魔石と討伐部位をリュックに入れて、少し休憩をしてから、森の奥へと足を進める。
森の奥へ歩いていくと3体のトロールが巨大な棍棒を手に歩いている。
トロールはCランク魔獣で、動きは鈍重だが、頑強な体をしており、膂力はオーガを超える。

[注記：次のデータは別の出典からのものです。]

Definition two_sided_ideal (R : nzRingType) (I : R -> Prop) : Prop :=
  [/\ I 0, (forall a b, I a -> I b -> I (a - b)),
      (forall r a, I a -> I (r * a)) & (forall r a, I a -> I (a * r))].

Definition is_alg_aut (F : fieldType) (A : algType F)
    (f : {lrmorphism A -> A}) : Prop := bijective f.

Definition aut_invariant (F : fieldType) (A : algType F) (I : A -> Prop) : Prop :=
  forall f : {lrmorphism A -> A}, is_alg_aut f -> forall a, I a -> I (f a).

From HB Require Import structures.
From mathcomp Require Import all_boot all_order all_algebra.
From mathcomp Require Import boolp.
Set Implicit Arguments. Unset Strict Implicit. Unset Printing Implicit Defensive.
Import GRing.Theory.
Local Open Scope ring_scope.

(** The algebra is spanned by the monomials in the generators, and a monomial
  in which every generator occurs a multiple of [l] times is a nonzero scalar;
  hence every monomial is invertible up to a nonzero scalar. For every
  [f : 'I_m -> 'I_l] the substitution [x_i |-> xi^(f i) x_i] extends to an
  automorphism [S_f], which scales each monomial by a character of the torus
  [(Z/l)^m]; by orthogonality of characters, [sum_f S_f a] is a scalar for
  every [a]. Now let [a] be a nonzero element of an invariant ideal [I];
  multiplying by an inverse of its first monomial, we may assume that monomial
  is [1]. If some [S_f] moves [a], then [S_f a - a] is a nonzero element of [I]
  with one term fewer. Otherwise [l^m a = sum_f S_f a] is a scalar, nonzero
  because [l] is invertible in [F], so [1] lies in [I]. *)

Lemma expf_eq1_neq0 (R : idomainType) (z : R) n :
  (0 < n)%N -> z ^+ n = 1 -> z != 0.
Proof.
by move=> n_gt0 zn; have := expf_eq0 z n; rewrite zn oner_eq0 n_gt0 => /esym/negbT.
Qed.

Lemma sum_expr_root1 (R : idomainType) (z : R) n :
  z ^+ n = 1 -> z != 1 -> \sum_(k < n) z ^+ k = 0.
Proof.
case: n => [|n] zn z_neq1; first by rewrite big_ord0.
by have := expfS_eq1 z n; rewrite zn eqxx (negbTE z_neq1) => /esym/eqP.
Qed.

Lemma scaled_commute_exp (F : fieldType) (A : algType F) (a b : A) (c : F) n :
  b * a = c *: (a * b) -> b * a ^+ n = c ^+ n *: (a ^+ n * b).
Proof.
move=> ba; elim: n => [|n IHn]; first by rewrite !expr0 mulr1 mul1r scale1r.
rewrite exprSr mulrA IHn -scalerAl -[_ * b * a]mulrA ba -scalerAr scalerA.
by rewrite mulrA -!exprSr.
Qed.

Lemma count_mem_filter_neq (T : eqType) (s : seq T) i j :
  count_mem j [seq k <- s | k != i] = if j == i then 0%N else count_mem j s.
Proof.
rewrite count_filter; case: eqVneq => [->|j_neq_i].
  by rewrite -(count_pred0 s); apply: eq_count => k /=; rewrite andbN.
by apply: eq_count => k /=; case: eqVneq => // ->; rewrite j_neq_i.
Qed.

Section Monomials.
Variables (F : fieldType) (A : algType F) (m : nat) (x : 'I_m -> A).

Definition monomial (s : seq 'I_m) : A := \prod_(j <- s) x j.

Definition lincomb (r : seq (F * seq 'I_m)) : A :=
  \sum_(p <- r) p.1 *: monomial p.2.

Lemma monomial_cat s t : monomial (s ++ t) = monomial s * monomial t.
Proof. exact: big_cat. Qed.

Lemma lincomb_cons p r : lincomb (p :: r) = p.1 *: monomial p.2 + lincomb r.
Proof. exact: big_cons. Qed.

Lemma lincomb_mul_monomial r t :
  lincomb r * monomial t = lincomb [seq (p.1, p.2 ++ t) | p <- r].
Proof.
rewrite /lincomb big_map mulr_suml; apply: eq_bigr => p _.
by rewrite -scalerAl monomial_cat.
Qed.

Lemma diag_rmorph_monomial (g : {rmorphism A -> A}) (w : 'I_m -> F) :
    (forall i, g (x i) = w i *: x i) ->
  forall t, g (monomial t) = (\prod_(j <- t) w j) *: monomial t.
Proof.
move=> g_x; elim=> [|j t IHt]; first by rewrite /monomial !big_nil rmorph1 scale1r.
rewrite /monomial !big_cons rmorphM g_x IHt -scalerAl -scalerAr scalerA.
by rewrite mulrC.
Qed.

Definition spanned : pred A := fun a => `[< exists r, a = lincomb r >].

Lemma spannedP a : reflect (exists r, a = lincomb r) (spanned a).
Proof. exact: asboolP. Qed.

Lemma spanned_subalg_closed : GRing.subsemialg_closed spanned.
Proof.
split.
- apply/spannedP; exists [:: (1, [::])].
  by rewrite /lincomb big_seq1 /monomial big_nil scale1r.
- split; first by apply/spannedP; exists [::]; rewrite /lincomb big_nil.
  move=> _ _ /spannedP[r ->] /spannedP[r' ->]; apply/spannedP.
  by exists (r ++ r'); rewrite /lincomb big_cat.
- move=> c _ /spannedP[r ->]; apply/spannedP.
  exists [seq (c * p.1, p.2) | p <- r].
  by rewrite /lincomb big_map scaler_sumr; apply: eq_bigr => p _; rewrite scalerA.
- move=> _ _ /spannedP[r ->] /spannedP[r' ->]; apply/spannedP.
  exists [seq (p.1 * q.1, p.2 ++ q.2) | p <- r, q <- r'].
  rewrite /lincomb big_allpairs_dep mulr_suml; apply: eq_bigr => p _.
  rewrite mulr_sumr; apply: eq_bigr => q _.
  by rewrite monomial_cat -scalerAl -scalerAr scalerA.
Qed.

Record span_subalg := SpanSubalg { span_val :> A; _ : spanned span_val }.
HB.instance Definition _ := [isSub for span_val].
HB.instance Definition _ := [Choice of span_subalg by <:].
HB.instance Definition _ :=
  GRing.SubChoice_isSubAlgebra.Build F A spanned span_subalg spanned_subalg_closed.

Lemma spanned_gen i : spanned (x i).
Proof.
apply/spannedP; exists [:: (1, [:: i])].
by rewrite /lincomb big_seq1 /monomial big_seq1 scale1r.
Qed.

HB.instance Definition _ := GRing.RMorphism.copy span_val val.
HB.instance Definition _ := GRing.Linear.copy span_val val.

Definition span_gen i : span_subalg := SpanSubalg (spanned_gen i).

End Monomials.

Arguments span_val {F A m x}.

Section Relations.
Variables (F : fieldType) (A : algType F) (l : nat) (xi : F) (m : nat).
Variable x : 'I_m -> A.
Hypothesis xi_prim : l.-primitive_root xi.
Hypothesis rels : clg_rels l xi x.

Lemma clg_rels_scale (w : 'I_m -> F) :
  (forall i, w i ^+ l = 1) -> clg_rels l xi (fun i => w i *: x i).
Proof.
move=> w_l; case: rels => x_l x_lt x_gt; split.
- by move=> i; rewrite exprZn w_l x_l scale1r.
- move=> i j ij; rewrite -!scalerAl -!scalerAr !scalerA x_lt // !scalerA.
  by rewrite mulrC mulrA mulrAC.
- move=> i j ji; rewrite -!scalerAl -!scalerAr !scalerA x_gt // !scalerA.
  by rewrite mulrC mulrA mulrAC.
Qed.

Lemma gen_commute i j : exists2 c : F, c != 0 & x j * x i = c *: (x i * x j).
Proof.
have xi_neq0 : xi != 0.
  exact: expf_eq1_neq0 (prim_order_gt0 xi_prim) (prim_expr_order xi_prim).
case: rels => _ x_lt x_gt; case: (ltngtP i j) => [ij | ji | /val_inj ->].
- by exists xi; last exact: x_lt.
- by exists xi^-1; [rewrite invr_eq0 | exact: x_gt].
- by exists 1; rewrite ?oner_eq0 ?scale1r.
Qed.

Lemma monomial_pull i s : exists2 c : F, c != 0 &
  monomial x s = c *: (x i ^+ count_mem i s * monomial x [seq j <- s | j != i]).
Proof.
elim: s => [|j s [c c_neq0 IHs]].
  by exists 1; rewrite ?oner_eq0 // /monomial big_nil expr0 mulr1 scale1r.
rewrite /monomial big_cons -/(monomial x s) IHs /=.
case: eqVneq => [->|j_neq_i].
  by exists c; rewrite // -scalerAr mulrA -exprS add1n.
have [d d_neq0 xij] := gen_commute i j.
exists (c * d ^+ count_mem i s); first by rewrite mulf_neq0 ?expf_neq0.
rewrite /monomial big_cons -/(monomial x _) add0n -scalerAr !mulrA.
by rewrite (scaled_commute_exp _ xij) -scalerAl scalerA.
Qed.

Lemma monomial_scalar s : (forall i, l %| count_mem i s)%N ->
  exists2 c : F, c != 0 & monomial x s = c%:A.
Proof.
have [n] := ubnP (size s); elim: n s => // n IHn [|i s] size_s dvd_s.
  by exists 1; rewrite ?oner_eq0 // /monomial big_nil scale1r.
have [c c_neq0 ->] := monomial_pull i (i :: s).
have [d d_neq0 ->] : exists2 d : F, d != 0 &
    monomial x [seq j <- i :: s | j != i] = d%:A.
  apply: IHn => [|j]; last first.
    by rewrite count_mem_filter_neq; case: eqP => // _; rewrite dvdn0.
  by rewrite /= eqxx size_filter (leq_ltn_trans (count_size _ _)).
case: rels => x_l _ _; have [k ->] := dvdnP (dvd_s i).
rewrite mulnC exprM x_l expr1n mul1r scalerA.
by exists (c * d); rewrite ?mulf_neq0.
Qed.

Lemma monomial_inverse s : exists t,
  (exists2 c : F, c != 0 & monomial x (s ++ t) = c%:A) /\
  (exists2 c : F, c != 0 & monomial x (t ++ s) = c%:A).
Proof.
pose t := flatten (nseq l.-1 s).
have dvd_count i : (l %| count_mem i s + count_mem i t)%N.
  rewrite count_flatten map_nseq sumn_nseq -{1}[count_mem i s]muln1 -mulnDr.
  by rewrite add1n prednK ?dvdn_mull // (prim_order_gt0 xi_prim).
by exists t; split; apply: monomial_scalar => i; rewrite count_cat // addnC.
Qed.

End Relations.

Section Presentation.
Variables (F : fieldType) (A : algType F) (l : nat) (xi : F) (m : nat).
Variable x : 'I_m -> A.
Hypothesis clg : is_clg l xi x.

Lemma clg_lift (B : algType F) (y : 'I_m -> B) : clg_rels l xi y ->
  exists f : {lrmorphism A -> B}, forall i, f (x i) = y i.
Proof. by case/(clg.2 B) => f [f_x _]; exists f. Qed.

Lemma clg_endo_id (g : {lrmorphism A -> A}) : (forall i, g (x i) = x i) -> g =1 id.
Proof.
move=> g_x a; have [f [_ f_unique]] := clg.2 A x clg.1.
by rewrite (f_unique g g_x) -(f_unique idfun (fun=> erefl)).
Qed.

Lemma clg_spanning a : exists r, a = lincomb x r.
Proof.
have [x_l x_lt x_gt] := clg.1.
have span_rels : clg_rels l xi (span_gen x).
  split=> [i | i j ij | i j ji]; apply: val_inj.
  - by rewrite rmorphXn rmorph1 /= x_l.
  - by rewrite linearZ !rmorphM /= x_lt.
  - by rewrite linearZ !rmorphM /= x_gt.
have [f f_x] := clg_lift span_rels.
have val_f : span_val \o f =1 id by apply: clg_endo_id => i /=; rewrite f_x.
by rewrite -(val_f a) /=; apply/spannedP; case: (f a).
Qed.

通常なら魔巣窟の森にいるはずなのだが、なぜか西の森に出てきたようだ。
「これはマズイわね。トロールよ!」
「そうですね。戦うかどうか考える必要があります」
「私の魔法障壁と、キースの支援魔法があれば、なんとか対峙できると思うわ」
そして三人はそれぞれ、キースの顔を覗き込む。最後に決めるのはキースだ。
ここは安全策を取って戦いを避けた方がよいと頭の中のロミンダが意見をいう。
しかし、ここで冒険を恐れていては魔巣窟の森へ入るなど無理に決まっている。
ここは自分の支援魔法とアルナの魔法障壁を信じて、冒険をしようと心に決める。
「スーラとウーラでトロールを一体頼む。アルナが一体、俺が一体受け持つ。スーラとウーラはトロールを一体倒したら、俺とアルナの援護に回ってくれ。なるべく危険は避けろ」
「「そうこなくっちゃ!」」
「私もトロール相手では荷が重いが、耐えてみせよう。キースも無理はしないでね」
双子は樹木へ登って、トロ―ルの真上でシミッターを抜いて合図を待つ。
アルナとキースは『肉体強化』をした後に茂みに隠れて、トロ―ルの動きを観察する。
『俊敏10%ダウン、膂力10%ダウン、強靭10%ダウン』
キースが三体のトロールにデバフの支援魔法をかける。
紫の粒子がトロール達を包み込む。
『俊敏10%アップ、膂力10%アップ、防御力10%アップ、攻撃力10%アップ』
双子とアルナに支援魔法のバフを重ねがけする。
光の粒子が双子とアルナに降り注ぐ。
「戦闘開始だ!」
双子が一体のトロールの頭上に樹木の上から強襲する。
茂みの中から出たアルナが魔法障壁を展開しながら、トロール一体と対峙する。
そしてキースも一体のトロールの前で剣を抜いて構える。
一人で倒す必要はない。三人がトロール二体を倒すまでの間耐え抜くだけでいい。
キースは自分にそう言い聞かせて、トロールの動きを観察する。
「ゥウァララー」
トロールが棍棒を大上段から振り下ろす。それを間一髪で回避する。
キースはすかさず剣でトロールの手首を狙って剣を振る。しかしトロールの皮膚は硬く、手首を斬り落とすことができない。
スーラとウータが4本のシミッターでトロールの体を徐々に引き裂いていく。
トロールが腕を振り回して、双子を狙っている。
トロールの大上段からの棍棒の一振りを、魔法障壁で防いだアルナが剣でトロールの体を逆袈裟に切裂く。しかしトロールの筋肉を一度で断ち斬れない。
キース達四人のそれぞれの戦いが始まった。